Приблизительно моих взглядов придерживались и другие члены кружка: А. В. Москопуло, Погребов, Фойницкий, Буковский. Чистым народником, не террористом был Гизетти. Марксистами более или менее выраженными были мой брат и Бартенев; в эту же сторону склонялся М. Т. Елизаров. Относительно Ватсона, Гарнака, Чеботарева и Иванова не могу ничего сказать, — не помню, но, кажется, по крайней мере, три последних, если не все четверо, тоже скорее не были в то время марксистами[VI].
Как ни был я близок с Александром Ильичом, я не могу теперь сказать с полной уверенностью, к какому из двух направлений следовало его в то время причислить. По тому, что им высказывалось во время разных дебатов в нашем кружке и в моих личных с ним разговорах, я считал его в то время скорее моим единомышленником, т.е. не немарксистом в принятом значении этого слова. Но, как и я, он был марксистом в другом смысле, так как принимал основные положения учения Маркса; что же касается народничества в духе В. В. и ему подобных, он относился к нему очень критически, как, впрочем, и почти все мы.

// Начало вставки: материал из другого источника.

(* Let $\phi=(\phi_g,X_g,X)_{g\in G}$ be a partial action of a group $G$ on a set $X$ and let $H$ be a normal subgroup of $G$. Then there is an induced partial action $\overline{\phi}$ of $G/H$ on $X$ (with $X_{gH}=\bigcup_{k\in gH}X_k$ and $\overline{\phi}_{gH}(x)=\phi_k(x)$ for $k\in gH$, $x\in X_{k^{-1}}$) if and only if for every $h\in H$, $X_h=X_{h^{-1}}$ and $\phi_h=\operatorname{id}$.
   Context: A partial action of a group $G$ (identity $\varepsilon$) on a set $X$ is $\phi=(\phi_g,X_g,X)_{g\in G}$ with $X_g\subseteq X$ and bijections $\phi_g:X_{g^{-1}}\to X_g$ such that (i) $X_\varepsilon=X$ and $\phi_\varepsilon=\operatorname{id}_X$; (ii) $\phi_g(X_{g^{-1}}\cap X_h)=X_g\cap X_{gh}$ for all $g,h$; (iii) $\phi_g(\phi_h(x))=\phi_{gh}(x)$ for all $g,h$ and $x\in X_{h^{-1}}\cap X_{h^{-1}g^{-1}}$. *)

Record group := Group {
  gcar :> Type;
  gmul : gcar -> gcar -> gcar;
  ginv : gcar -> gcar;
  gone : gcar;
  gmulA : forall a b c, gmul a (gmul b c) = gmul (gmul a b) c;
  gmul1g : forall a, gmul gone a = a;
  gmulVg : forall a, gmul (ginv a) a = gone
}.

Arguments gmul {g} _ _.
Arguments ginv {g} _.
Arguments gone {g}.

(* Partial action phi = (phi_g, X_g, X)_{g in G}: X_g is the predicate D g on X,
   phi_g is phi g (only meaningful on D (g^-1)). *)
Definition is_partial_action (G : group) (X : Type)
    (D : G -> X -> Prop) (phi : G -> X -> X) : Prop :=
  (forall x, D gone x) /\ (forall x, phi gone x = x) /\
  (forall g x, D (ginv g) x -> D g (phi g x)) /\
  (forall g x y, D (ginv g) x -> D (ginv g) y -> phi g x = phi g y -> x = y) /\
  (forall g y, D g y -> exists x, D (ginv g) x /\ phi g x = y) /\
  (forall g h y,
      (exists x, D (ginv g) x /\ D h x /\ phi g x = y) <-> (D g y /\ D (gmul g h) y)) /\
  (forall g h x, D (ginv h) x -> D (gmul (ginv h) (ginv g)) x ->
      phi g (phi h x) = phi (gmul g h) x).

Definition normal_subgroup (G : group) (H : G -> Prop) : Prop :=
  H gone /\
  (forall a b, H a -> H b -> H (gmul a b)) /\
  (forall a, H a -> H (ginv a)) /\
  (forall g a, H a -> H (gmul (gmul g a) (ginv g))).

Definition is_quotient (G : group) (H : G -> Prop) (Q : group) (pi : G -> Q) : Prop :=
  (forall a b, pi (gmul a b) = gmul (pi a) (pi b)) /\
  (forall q : Q, exists g, pi g = q) /\
  (forall g, pi g = gone <-> H g).

(* If phi descends to G/H, then for h in H we get phi_h = psi_1 = id on X_{h^-1},
   and since phi_h maps X_{h^-1} into X_h (and likewise for h^-1) the two domains
   coincide.  Conversely, if H acts trivially then phi_k x = phi_k' x whenever
   kH = k'H and x lies in both domains: with m = k k'^-1 in H, axiom (ii) moves x
   along phi_k into X_m ∩ X_k, triviality of m puts phi_k x into X_{mk}, and (ii)
   again brings x into X_{k'^-1 k}, where (iii) splits phi_k' = phi_k phi_{k^-1 k'}.
   Choosing a representative then defines psi, and every axiom for psi is the
   corresponding axiom for phi read through the homomorphism G -> G/H. *)
From Stdlib Require Import ClassicalEpsilon.

Section GroupTheory.

Context {G : group}.
Implicit Types a b : G.

Lemma mulKg a b : gmul (ginv a) (gmul a b) = b.
Proof. rewrite gmulA, gmulVg; apply gmul1g. Qed.

Lemma mulgV a : gmul a (ginv a) = gone.
Proof.
  assert (idem : gmul (gmul a (ginv a)) (gmul a (ginv a)) = gmul a (ginv a)).
  { rewrite <- gmulA, mulKg; reflexivity. }
  rewrite <- (mulKg (gmul a (ginv a)) (gmul a (ginv a))), idem.
  apply gmulVg.
Qed.

Lemma mulg1 a : gmul a gone = a.
Proof. rewrite <- (gmulVg G a), gmulA, mulgV; apply gmul1g. Qed.

Lemma mulVKg a b : gmul a (gmul (ginv a) b) = b.
Proof. rewrite gmulA, mulgV; apply gmul1g. Qed.

Lemma invgK a : ginv (ginv a) = a.
Proof. rewrite <- (mulg1 (ginv (ginv a))), <- (gmulVg G a); apply mulKg. Qed.

Lemma invMg a b : ginv (gmul a b) = gmul (ginv b) (ginv a).
Proof.
  rewrite <- (mulKg (gmul a b) (gmul (ginv b) (ginv a))), <- gmulA, (gmulA _ b),
    mulgV, gmul1g, mulgV, mulg1.
  reflexivity.
Qed.

Lemma invg1 : ginv (@gone G) = gone.
Proof. rewrite <- (gmul1g G (ginv gone)); apply mulgV. Qed.

End GroupTheory.

Section Morphism.

Variables (G Q : group) (pi : G -> Q).
Hypothesis pi_morphM : forall a b, pi (gmul a b) = gmul (pi a) (pi b).

Lemma morph1 : pi gone = gone.
Proof.
  rewrite <- (mulKg (pi gone) (pi gone)), <- pi_morphM, gmul1g.
  apply gmulVg.
Qed.

Lemma morphV a : pi (ginv a) = ginv (pi a).
Proof.
  rewrite <- (mulg1 (pi (ginv a))), <- (mulgV (pi a)), gmulA, <- pi_morphM,
    gmulVg, morph1.
  apply gmul1g.
Qed.

Lemma morph_eq_mulV a b : pi a = pi b -> pi (gmul a (ginv b)) = gone.
Proof. intros E; rewrite pi_morphM, morphV, E; apply mulgV. Qed.

Lemma morph_eq_Vmul a b : pi a = pi b -> pi (gmul (ginv a) b) = gone.
Proof. intros E; rewrite pi_morphM, morphV, E; apply gmulVg. Qed.

End Morphism.

Section PartialAction.

Variables (G : group) (X : Type) (D : G -> X -> Prop) (phi : G -> X -> X).
Hypothesis PA : is_partial_action G X D phi.

Lemma pa_dom1 x : D gone x.
Proof. apply PA. Qed.

Lemma pa_act1 x : phi gone x = x.
Proof. apply PA. Qed.

Lemma pa_act_dom g x : D (ginv g) x -> D g (phi g x).
Proof. apply PA. Qed.

Lemma pa_dom_mul g h y :
  (exists x, D (ginv g) x /\ D h x /\ phi g x = y) <-> (D g y /\ D (gmul g h) y).
Proof. apply PA. Qed.

Lemma pa_actM g h x :
  D (ginv h) x -> D (gmul (ginv h) (ginv g)) x -> phi g (phi h x) = phi (gmul g h) x.
Proof. apply PA. Qed.

Lemma pa_act_dom_mul g h x : D (ginv g) x -> D h x -> D (gmul g h) (phi g x).
Proof. intros Dg Dh; apply (pa_dom_mul g h); exists x; auto. Qed.

Lemma pa_actK g x : D (ginv g) x -> phi (ginv g) (phi g x) = x.
Proof.
  intros Dx; rewrite pa_actM, gmulVg by (rewrite ?invgK, ?gmulVg; auto using pa_dom1).
  apply pa_act1.
Qed.

Lemma pa_actVK g x : D g x -> phi g (phi (ginv g) x) = x.
Proof. intros Dx; rewrite <- (invgK g) at 1; apply pa_actK; rewrite invgK; exact Dx. Qed.

Definition pa_trivial (h : G) : Prop :=
  (forall x, D h x <-> D (ginv h) x) /\ (forall x, D h x -> phi h x = x).

Lemma pa_trivial_of_fix h :
  (forall x, D (ginv h) x -> phi h x = x) ->
  (forall x, D h x -> phi (ginv h) x = x) -> pa_trivial h.
Proof.
  intros fix_h fix_hV.
  assert (domV : forall x, D (ginv h) x -> D h x).
  { intros x Dx; rewrite <- (fix_h x Dx); apply pa_act_dom, Dx. }
  assert (dom : forall x, D h x -> D (ginv h) x).
  { intros x Dx; rewrite <- (fix_hV x Dx); apply pa_act_dom; rewrite invgK; exact Dx. }
  split; [split; auto | auto].
Qed.

Lemma pa_trivial_dom_mul m k y : pa_trivial m -> D m y -> D k y -> D (gmul m k) y.
Proof.
  intros [dom_m fix_m] Dm Dk.
  rewrite <- (fix_m y Dm); apply pa_act_dom_mul; [apply dom_m|]; assumption.
Qed.

Lemma pa_act_eq_trivial k k' x :
  pa_trivial (gmul k (ginv k')) -> pa_trivial (gmul (ginv k) k') ->
  D (ginv k) x -> D (ginv k') x -> phi k x = phi k' x.
Proof.
  intros triv_m [dom_h fix_h] Dk Dk'.
  set (m := gmul k (ginv k')).
  assert (Dm : D m (phi k x)).
  { apply pa_act_dom_mul; assumption. }
  assert (Dmk : D (gmul m k) (phi k x)).
  { apply pa_trivial_dom_mul; [exact triv_m | exact Dm | apply pa_act_dom, Dk]. }
  assert (Dh : D (ginv (gmul (ginv k) k')) x).
  { rewrite <- (pa_actK k x Dk), invMg, invgK.
    replace (gmul (ginv k') k) with (gmul (ginv k) (gmul m k))
      by (unfold m; now rewrite <- gmulA, mulKg).
    apply pa_act_dom_mul; [rewrite invgK; apply pa_act_dom, Dk | exact Dmk]. }
  rewrite <- (mulVKg k k'), <- pa_actM, fix_h; [reflexivity | apply dom_h; exact Dh
    | exact Dh | now rewrite <- invMg, mulVKg].
Qed.

End PartialAction.

Section InducedAction.

Variables (G : group) (X : Type) (D : G -> X -> Prop) (phi : G -> X -> X).
Variables (Q : group) (pi : G -> Q).
Hypothesis PA : is_partial_action G X D phi.
Hypothesis pi_morphM : forall a b, pi (gmul a b) = gmul (pi a) (pi b).

Definition induced_dom (q : Q) (x : X) : Prop := exists k, pi k = q /\ D k x.

(* Outside the domain of psi_q the chosen representative is junk; psi_q is only
   constrained on induced_dom (ginv q). *)
Definition induced_act (q : Q) (x : X) : X :=
  phi (epsilon (inhabits gone) (fun k => pi k = q /\ D (ginv k) x)) x.

Lemma induced_act_compat :
  (forall k k' x, pi k = pi k' -> D (ginv k) x -> D (ginv k') x -> phi k x = phi k' x) ->
  forall k x, D (ginv k) x -> induced_act (pi k) x = phi k x.
Proof.
  intros act_eq k x Dx; unfold induced_act.
  destruct (epsilon_spec (inhabits gone) (fun k' => pi k' = pi k /\ D (ginv k') x))
    as [E Dx']; [exists k; auto|].
  apply act_eq; assumption.
Qed.

Lemma induced_domV q x :
  induced_dom (ginv q) x -> exists g, pi g = q /\ D (ginv g) x.
Proof.
  intros (k & E & Dx); exists (ginv k).
  rewrite morphV, E, !invgK by exact pi_morphM; auto.
Qed.

Variable psi : Q -> X -> X.
Hypothesis psi_compat : forall k x, D (ginv k) x -> psi (pi k) x = phi k x.

Lemma compat_act_eq k k' x :
  pi k = pi k' -> D (ginv k) x -> D (ginv k') x -> phi k x = phi k' x.
Proof. intros E Dk Dk'; rewrite <- psi_compat, E by assumption; auto. Qed.

Lemma induced_act_inj q x y :
  induced_dom (ginv q) x -> induced_dom (ginv q) y -> psi q x = psi q y -> x = y.
Proof.
  intros Hx Hy Exy.
  destruct (induced_domV q x Hx) as (g & <- & Dx).
  destruct (induced_domV (pi g) y Hy) as (g' & E & Dy).
  rewrite psi_compat, <- E, psi_compat in Exy by assumption.
  rewrite <- (pa_actK _ _ _ _ PA g x Dx), <- (pa_actK _ _ _ _ PA g' y Dy), Exy.
  apply compat_act_eq.
  - rewrite !morphV, E by exact pi_morphM; reflexivity.
  - rewrite invgK, <- Exy; apply (pa_act_dom _ _ _ _ PA), Dx.
  - rewrite invgK; apply (pa_act_dom _ _ _ _ PA), Dy.
Qed.

Lemma induced_act_surj q y :
  induced_dom q y -> exists x, induced_dom (ginv q) x /\ psi q x = y.
Proof.
  intros (k & <- & Dy).
  assert (Dx : D (ginv k) (phi (ginv k) y)).
  { apply (pa_act_dom _ _ _ _ PA); rewrite invgK; exact Dy. }
  exists (phi (ginv k) y); split.
  - exists (ginv k); split; [apply morphV, pi_morphM | exact Dx].
  - rewrite psi_compat by exact Dx; apply (pa_actVK _ _ _ _ PA), Dy.
Qed.

Lemma induced_dom_mul q r y :
  (exists x, induced_dom (ginv q) x /\ induced_dom r x /\ psi q x = y) <->
  (induced_dom q y /\ induced_dom (gmul q r) y).
Proof.
  split.
  - intros (x & Hx & (k & <- & Dk) & <-).
    destruct (induced_domV q x Hx) as (g & <- & Dg).
    rewrite psi_compat by exact Dg.
    split; [exists g | exists (gmul g k)]; split; auto.
    apply (pa_act_dom _ _ _ _ PA), Dg.
    apply (pa_act_dom_mul _ _ _ _ PA); assumption.
  - intros [(k & <- & Dk) (k' & E & Dk')].
    destruct (proj2 (pa_dom_mul _ _ _ _ PA k (gmul (ginv k) k') y))
      as (x & Dx & Dx' & <-); [rewrite mulVKg; auto|].
    exists x; split; [|split].
    + exists (ginv k); split; [apply morphV, pi_morphM | exact Dx].
    + exists (gmul (ginv k) k'); split; [|exact Dx'].
      rewrite pi_morphM, E, morphV, mulKg by exact pi_morphM; reflexivity.
    + apply psi_compat, Dx.
Qed.

Lemma induced_actM q r x :
  induced_dom (ginv r) x -> induced_dom (gmul (ginv r) (ginv q)) x ->
  psi q (psi r x) = psi (gmul q r) x.
Proof.
  intros Hx (k & Ek & Dk).
  destruct (induced_domV r x Hx) as (h & <- & Dh).
  assert (Eq : q = pi (gmul (ginv k) (ginv h))).
  { rewrite pi_morphM, !morphV, Ek, invMg, !invgK, <- gmulA, mulgV, mulg1
      by exact pi_morphM.
    reflexivity. }
  assert (Dkh : D (ginv (gmul (ginv k) (ginv h))) (phi h x)).
  { rewrite invMg, !invgK; apply (pa_act_dom_mul _ _ _ _ PA); assumption. }
  rewrite Eq, <- pi_morphM, (psi_compat h x Dh), (psi_compat _ _ Dkh), psi_compat.
  - apply (pa_actM _ _ _ _ PA); [exact Dh | now rewrite invMg, !invgK, mulKg].
  - now rewrite <- gmulA, gmulVg, mulg1, invgK.
Qed.

Lemma induced_is_partial_action : is_partial_action Q X induced_dom psi.
Proof.
  split; [|split; [|split; [|split; [|split; [|split]]]]].
  - intros x; exists gone; split; [apply morph1, pi_morphM | apply (pa_dom1 _ _ _ _ PA)].
  - intros x; rewrite <- (morph1 _ _ pi pi_morphM), psi_compat;
      [apply (pa_act1 _ _ _ _ PA) | rewrite invg1; apply (pa_dom1 _ _ _ _ PA)].
  - intros q x Hx; destruct (induced_domV q x Hx) as (g & <- & Dx).
    exists g; split; [reflexivity|]; rewrite psi_compat by exact Dx.
    apply (pa_act_dom _ _ _ _ PA), Dx.
  - exact induced_act_inj.
  - exact induced_act_surj.
  - exact induced_dom_mul.
  - exact induced_actM.
Qed.

End InducedAction.

Section KernelTrivial.

Variables (G : group) (X : Type) (D : G -> X -> Prop) (phi : G -> X -> X).
Variables (Q : group) (pi : G -> Q) (psi : Q -> X -> X).
Hypothesis PA : is_partial_action G X D phi.
Hypothesis pi_morphM : forall a b, pi (gmul a b) = gmul (pi a) (pi b).
Hypothesis psi_act1 : forall x, psi gone x = x.
Hypothesis psi_compat : forall k x, D (ginv k) x -> psi (pi k) x = phi k x.

Lemma kernel_pa_trivial h : pi h = gone -> pa_trivial G X D phi h.
Proof.
  intros Eh; apply (pa_trivial_of_fix _ _ _ _ PA).
  - intros x Dx; rewrite <- psi_compat, Eh by exact Dx; apply psi_act1.
  - intros x Dx; rewrite <- psi_compat, morphV, Eh, invg1 by (rewrite ?invgK; assumption).
    apply psi_act1.
Qed.

End KernelTrivial.

Theorem mainTheorem3 (G : group) (X : Type) (D : G -> X -> Prop) (phi : G -> X -> X)
    (H : G -> Prop) (Q : group) (pi : G -> Q) :
  is_partial_action G X D phi ->
  normal_subgroup G H ->
  is_quotient G H Q pi ->
  ((exists psi : Q -> X -> X,
      is_partial_action Q X (fun (q : Q) (x : X) => exists k : G, pi k = q /\ D k x) psi /\
      (forall (k : G) (x : X), D (ginv k) x -> psi (pi k) x = phi k x))
   <->
   (forall h : G, H h ->
      (forall x, D h x <-> D (ginv h) x) /\ (forall x, D h x -> phi h x = x))).
Proof.
  intros PA _ (pi_morphM & _ & kerH).
  split.
  - intros (psi & PApsi & psi_compat) h Hh.
    apply (kernel_pa_trivial G X D phi Q pi psi PA pi_morphM);
      [apply PApsi | exact psi_compat | apply kerH, Hh].
  - intros trivH.
    assert (act_eq : forall k k' x, pi k = pi k' ->
              D (ginv k) x -> D (ginv k') x -> phi k x = phi k' x).
    { intros k k' x E; apply (pa_act_eq_trivial _ _ _ _ PA); apply trivH, kerH;
        [apply morph_eq_mulV | apply morph_eq_Vmul]; assumption. }
    pose proof (induced_act_compat G X D phi Q pi act_eq) as compat.
    exists (induced_act G X D phi Q pi); split; [|exact compat].
    exact (induced_is_partial_action G X D phi Q pi PA pi_morphM _ compat).
Qed.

Из образовавшейся группы террористов почти никто не был членом партии «Народной воли». Вообще официально принятых в партию людей было тогда в Питере очень мало, и из нашего кружка я был, кажется, единственным. Из союза землячеств в партии не было тоже никого или почти никого. На тех немногих собраниях народовольческой петербургской группы, на которых мне пришлось быть (всего 3 или 4 раза в 1886 г.), я не встречал никого из первомартовцев. Если не считать Гаусмана, Залкинда, Брамсона, которые были арестованы или (Залкинд) уехали в начале года, на этих собраниях бывало человек 15, из которых я помню Игнатова, Гильгенберга, офицера Бруевича, еще 3—4 фамилии позабыл. Остальных я знал под разными прозвищами, потому что собрания были, понятно, очень конспиративные, и мы даже здесь избегали без нужды открывать инкогнито товарищей. На этих собраниях присутствовало лишь меньшинство тогдашних питерских народовольцев — представители кружков и отдельных организаций.

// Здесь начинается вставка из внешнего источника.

Section Construction.
Variables (Sigma : finType) (L : language Sigma).
Variables (Qm : finType) (Amin : gcba Sigma Qm unit).
Variables (k m : nat) (Sc : 'I_k -> {set Qm}) (R : 'I_m -> language Sigma).
Variables (Q : finType) (blk : Q -> 'I_m) (q0 : Q) (phi : 'I_k -> Qm -> Q).

Local Notation Agen := (A_gen Amin R Sc blk q0 phi).

Hypothesis sd_Amin : semantically_deterministic Amin.
Hypothesis reach_Amin : all_reachable Amin.
Hypothesis lang_Amin : lang_eq (lang Amin) L.
Hypothesis R_onto : forall u, exists j, lang_eq (residual L u) (R j).
Hypothesis R_init : lang_eq (R (blk q0)) L.
Hypothesis phi_inj : forall i, {in Sc i &, injective (phi i)}.
Hypothesis phi_blk : forall i j q, q \in Sc i -> q \in QR Amin R j -> blk (phi i q) = j.

Lemma mem_QR q j : q \in QR Amin R j <-> lang_eq (lang_from Amin q) (R j).
Proof. by rewrite inE; split=> /asboolP. Qed.

Lemma exists_QR q : exists j, q \in QR Amin R j.
Proof.
have [u qu] := lang_from_reachable sd_Amin reach_Amin lang_Amin q.
have [j uj] := R_onto u; exists j; apply/mem_QR => w.
by rewrite qu uj.
Qed.

Lemma gen_delta_residual p a p' :
  gen_delta Amin R blk p a p' -> lang_eq (R (blk p')) (residual (R (blk p)) [:: a]).
Proof.
move=> /existsP [q /existsP [q' /and3P [qaq' /mem_QR qp /mem_QR q'p']]] w.
by rewrite -(q'p' w) (lang_from_trans sd_Amin qaq' w) /residual qp.
Qed.

Lemma gen_run_residual w r :
  run_from Agen q0 w r ->
  forall n, lang_eq (R (blk (r n).1.1)) (residual L (Defs.prefix w n)).
Proof.
move=> [r0 run]; elim=> [|n IHn] x; first by rewrite r0 R_init residual_nil.
have [trans [letter next]] := run n.
rewrite next (gen_delta_residual trans x) /Defs.prefix mkseqS residual_rcons -letter.
exact: IHn.
Qed.

Lemma gen_run_pullback p w r i N :
  run_from Agen p w r -> (forall n, N <= n -> i \notin tcol Agen (r n)) ->
  exists q, [/\ q \in Sc i, phi i q = (r N).1.1 & safe_lang Amin q (fun n => w (N + n))].
Proof.
move=> [_ run] no_i.
have image n : exists e : Qm * Qm, [&& safe_comp_trans Amin (Sc i) e.1 (r (N + n)).1.2 e.2,
    phi i e.1 == (r (N + n)).1.1 & phi i e.2 == (r (N + n)).2].
  have := no_i (N + n) (leq_addr _ _).
  by rewrite /tcol inE negbK => /existsP [q /existsP [q' e]]; exists (q, q').
pose g n := xchoose (image n); have gP n := xchooseP (image n).
exists (g 0).1; split.
- by have /and3P [/and3P [_ src _] _ _] := gP 0.
- by have /and3P [_ /eqP -> _] := gP 0; rewrite addn0.
exists (fun n => ((g n).1, w (N + n), (g n).2)); split.
  split=> // n; have [_ [letter next]] := run (N + n).
  have /and3P [/and3P [/andP [trans _] _ tgt] _ /eqP phi_tgt] := gP n.
  have /and3P [/and3P [_ src _] /eqP phi_src _] := gP n.+1.
  split; first by rewrite /is_trans /= -letter.
  by split=> //=; apply: (phi_inj src tgt); rewrite phi_src phi_tgt addnS next.
move=> n; have [_ [letter _]] := run (N + n).
by have /and3P [/and3P [/andP [_ safe] _ _] _ _] := gP n; rewrite /tcol /= -letter.
Qed.

Lemma lang_gen_sub : lang_sub (lang Agen) L.
Proof.
move=> w [r [run [i [N no_i]]]].
have [q [q_Sc phi_q safe_q]] := gen_run_pullback run no_i.
have [j q_j] := exists_QR q.
have tail_j : R j (fun n => w (N + n)).
  by apply/(mem_QR q j).1 => //; apply: safe_lang_sub_lang_from.
rewrite -(prepend_prefix w N); apply/(gen_run_residual run N).
by rewrite -phi_q (phi_blk q_Sc q_j).
Qed.

Hypothesis nf_Amin : normal_form Amin.
Hypothesis Sc_inj : injective Sc.
Hypothesis Sc_onto : forall S, is_safe_comp Amin S -> exists i, Sc i = S.

Definition lift_state (q : Qm) : Q :=
  if [pick i | Sc i == safe_comp_of Amin q] is Some i then phi i q else q0.

(** A run of [A_gen] must start in [q0], which need not be the lift of the
    initial state of [A_min]; both lie in the block of the residual [L]. *)
Definition lift_trans (first : bool) (e : Qm * Sigma * Qm) : Q * Sigma * Q :=
  ((if first then q0 else lift_state e.1.1, e.1.2), lift_state e.2).

Definition lift_resolver (sigma : seq Sigma -> Qm * Sigma * Qm) (u : seq Sigma) :=
  lift_trans (size u <= 1) (sigma u).

Lemma lift_stateE i q : Sc i = safe_comp_of Amin q -> lift_state q = phi i q.
Proof.
move=> Sc_i; rewrite /lift_state; case: pickP => [i' /eqP Sc_i' | none].
  by rewrite (Sc_inj (etrans Sc_i' (esym Sc_i))).
by move: (none i); rewrite Sc_i eqxx.
Qed.

Lemma lift_state_QR q : q \in QR Amin R (blk (lift_state q)).
Proof.
have [i Sc_i] := Sc_onto (ex_intro _ q erefl).
have [j q_j] := exists_QR q.
by rewrite (lift_stateE Sc_i) (phi_blk _ q_j) // Sc_i mem_safe_comp_of.
Qed.

Lemma lift_run_from w s :
  run_from Amin (ginit Amin) w s ->
  run_from Agen q0 w (fun n => lift_trans (n == 0) (s n)).
Proof.
move=> [s0 run]; split=> // n; have [trans [letter next]] := run n.
split; last by split=> //=; rewrite next.
apply/existsP; exists (s n).1.1; apply/existsP; exists (s n).2.
rewrite lift_state_QR andbT; apply/andP; split=> //.
case: n {letter next trans} => [|n] /=; last exact: lift_state_QR.
by rewrite s0; apply/mem_QR => x; rewrite R_init; apply: lang_Amin.
Qed.

Lemma lift_run_accepting q w s :
  run_from Amin q w s -> accepting_run Amin s ->
  accepting_run Agen (fun n => lift_trans (n == 0) (s n)).
Proof.
move=> run [[] [N safe]].
have [i Sc_i] := Sc_onto (ex_intro _ (s N).1.1 erefl).
have Sc_n n : N <= n -> Sc i = safe_comp_of Amin (s n).1.1.
  by move=> le_Nn; rewrite Sc_i (safe_comp_of_run_const nf_Amin run safe le_Nn).
have mem_Sc n : N <= n -> (s n).1.1 \in Sc i.
  by move=> le_Nn; rewrite (Sc_n n) // mem_safe_comp_of.
exists i, N.+1 => n lt_Nn; have [le_Nn le_Nn1] := (ltnW lt_Nn, leqW (ltnW lt_Nn)).
have [trans [_ next]] := run.2 n.
rewrite /tcol inE negbK; apply/existsP; exists (s n).1.1; apply/existsP; exists (s n).2.
rewrite /= (gtn_eqF (leq_ltn_trans (leq0n N) lt_Nn)) -next.
rewrite !(lift_stateE (Sc_n _ _)) // !eqxx !andbT /safe_comp_trans.
rewrite !mem_Sc // !andbT next; apply/andP; split; [exact: trans | exact: safe].
Qed.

Молодежь в это время очень «искала Исполнительного Комитета», но он уже не существовал, и мы это отлично знали. Еще до принятия меня в партию «Народной воли» я как-то верил, что если нет Исполнительного Комитета сейчас, то он образуется, но Гаусман окончательно разочаровал меня в этом отношении. Я уверен, что и Александр Ильич не создавал себе в этом иллюзий. Поэтому я решительно не могу себе представить, к кому бы из членов Исполнительного Комитета мог ходить па свидание Александр Ильич, как это утверждает Говорухин. Здесь, кажется, есть что-то очень странное.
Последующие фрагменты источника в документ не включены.